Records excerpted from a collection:
-.-.-
(* Let $K$ be a field, $m\ge2$, $d_1,\ldots,d_m$ positive integers, $S=K[x_1,\ldots,x_m,y_1,\ldots,y_m]$, and $I_2(D)\subset S$ the ideal generated by the $2$-minors of $D=\begin{pmatrix}x_1^{d_1}&\cdots&x_m^{d_m}\\ y_1^{d_1}&\cdots&y_m^{d_m}\end{pmatrix}$. For $1\le i<j\le m$ let $f_{ij}=x_i^{d_i}y_j^{d_j}-x_j^{d_j}y_i^{d_i}$. Then for any term order $\prec$ on $S$, the reduced Gröbner basis of $I_2(D)$ with respect to $\prec$ is $\mathcal{G}=\{f_{ij}:1\le i<j\le m\}$. *)

From HB Require Import structures.
From mathcomp Require Import all_boot all_order all_algebra.
From mathcomp Require Import mpoly.
Set Implicit Arguments. Unset Strict Implicit. Unset Printing Implicit Defensive.
Import GRing.Theory.
Local Open Scope ring_scope.

Section Groebner.
Variables (n : nat) (K : fieldType).

(* A term order on monomials 'X_{1..n}, given by its strict relation [lt]:
   a strict total order, compatible with multiplication of monomials,
   with 1 (= mnm0) the least monomial (hence a well-order, by Dickson). *)
Definition term_order (lt : rel 'X_{1..n}) : Prop :=
  [/\ (forall a, ~~ lt a a),
      (forall a b c, lt a b -> lt b c -> lt a c),
      (forall a b, a != b -> lt a b || lt b a),
      (forall a b c, lt a b -> lt (mnm_add a c) (mnm_add b c))
    & (forall a, a != mnm0 -> lt mnm0 a)].

(* leading monomial: the lt-largest monomial of the support (mnm0 for p = 0) *)
Definition lmon (lt : rel 'X_{1..n}) (p : {mpoly K[n]}) : 'X_{1..n} :=
  foldr (fun a b => if lt b a then a else b) mnm0 (msupp p).

Definition lcoef (lt : rel 'X_{1..n}) (p : {mpoly K[n]}) : K :=
  p@_(lmon lt p).

Definition in_ideal (gens : seq {mpoly K[n]}) (p : {mpoly K[n]}) : Prop :=
  exists cs : seq {mpoly K[n]},
    size cs = size gens /\ p = \sum_(k < size gens) cs`_k * gens`_k.

Definition is_groebner (lt : rel 'X_{1..n}) (I : {mpoly K[n]} -> Prop)
    (G : seq {mpoly K[n]}) : Prop :=
  (forall g, g \in G -> I g) /\
  (forall f, I f -> f != 0 ->
     exists2 g, g \in G & (g != 0) && lem (lmon lt g) (lmon lt f)).

Definition is_reduced_groebner (lt : rel 'X_{1..n}) (I : {mpoly K[n]} -> Prop)
    (G : seq {mpoly K[n]}) : Prop :=
  [/\ is_groebner lt I G,
      (forall g, g \in G -> lcoef lt g = 1)
    & (forall g g', g \in G -> g' \in G -> g != g' ->
         forall mo, mo \in msupp g' -> ~~ lem (lmon lt g) mo)].
End Groebner.

Section Binomial.
Variables (m : nat) (K : fieldType) (d : 'I_m -> nat).

Definition xv (i : 'I_m) : {mpoly K[m + m]} := 'X_(lshift m i).
Definition yv (i : 'I_m) : {mpoly K[m + m]} := 'X_(rshift m i).

Definition Dmat : 'M[{mpoly K[m + m]}]_(2, m) :=
  \matrix_(a < 2, j < m) (if a == 0 then xv j ^+ d j else yv j ^+ d j).

Definition minor2 (i j : 'I_m) : {mpoly K[m + m]} :=
  \det (\matrix_(a < 2, b < 2) Dmat a (if b == 0 then i else j)).

Definition minors2 : seq {mpoly K[m + m]} :=
  [seq minor2 ij.1 ij.2 | ij <- [seq ij : 'I_m * 'I_m <- [seq (i, j) | i <- enum 'I_m, j <- enum 'I_m] | (ij.1 < ij.2)%N]].

Definition I2D (p : {mpoly K[m + m]}) : Prop := in_ideal minors2 p.

Definition fij (i j : 'I_m) : {mpoly K[m + m]} :=
  xv i ^+ d i * yv j ^+ d j - xv j ^+ d j * yv i ^+ d i.

Definition fij_monic (lt : rel 'X_{1..m + m}) (i j : 'I_m) : {mpoly K[m + m]} :=
  (lcoef lt (fij i j))^-1 *: fij i j.

Definition Gset (lt : rel 'X_{1..m + m}) : seq {mpoly K[m + m]} :=
  [seq fij_monic lt ij.1 ij.2 | ij <- [seq ij : 'I_m * 'I_m <- [seq (i, j) | i <- enum 'I_m, j <- enum 'I_m] | (ij.1 < ij.2)%N]].
End Binomial.

From HB Require Import structures.
From mathcomp Require Import all_boot all_order all_algebra.
From mathcomp Require Import bigenough ssrcomplements mpoly zify.
Set Implicit Arguments. Unset Strict Implicit. Unset Printing Implicit Defensive.
Import GRing.Theory BigEnough.
Local Open Scope ring_scope.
-.-.-
TASK PROMPT: When you reach the line that contains "lt mnm0 a)].", stop; output it and every line before it from the start of the data, exactly as written.

ANSWER BELOW:
(* Let $K$ be a field, $m\ge2$, $d_1,\ldots,d_m$ positive integers, $S=K[x_1,\ldots,x_m,y_1,\ldots,y_m]$, and $I_2(D)\subset S$ the ideal generated by the $2$-minors of $D=\begin{pmatrix}x_1^{d_1}&\cdots&x_m^{d_m}\\ y_1^{d_1}&\cdots&y_m^{d_m}\end{pmatrix}$. For $1\le i<j\le m$ let $f_{ij}=x_i^{d_i}y_j^{d_j}-x_j^{d_j}y_i^{d_i}$. Then for any term order $\prec$ on $S$, the reduced Gröbner basis of $I_2(D)$ with respect to $\prec$ is $\mathcal{G}=\{f_{ij}:1\le i<j\le m\}$. *)

From HB Require Import structures.
From mathcomp Require Import all_boot all_order all_algebra.
From mathcomp Require Import mpoly.
Set Implicit Arguments. Unset Strict Implicit. Unset Printing Implicit Defensive.
Import GRing.Theory.
Local Open Scope ring_scope.

Section Groebner.
Variables (n : nat) (K : fieldType).

(* A term order on monomials 'X_{1..n}, given by its strict relation [lt]:
   a strict total order, compatible with multiplication of monomials,
   with 1 (= mnm0) the least monomial (hence a well-order, by Dickson). *)
Definition term_order (lt : rel 'X_{1..n}) : Prop :=
  [/\ (forall a, ~~ lt a a),
      (forall a b c, lt a b -> lt b c -> lt a c),
      (forall a b, a != b -> lt a b || lt b a),
      (forall a b c, lt a b -> lt (mnm_add a c) (mnm_add b c))
    & (forall a, a != mnm0 -> lt mnm0 a)].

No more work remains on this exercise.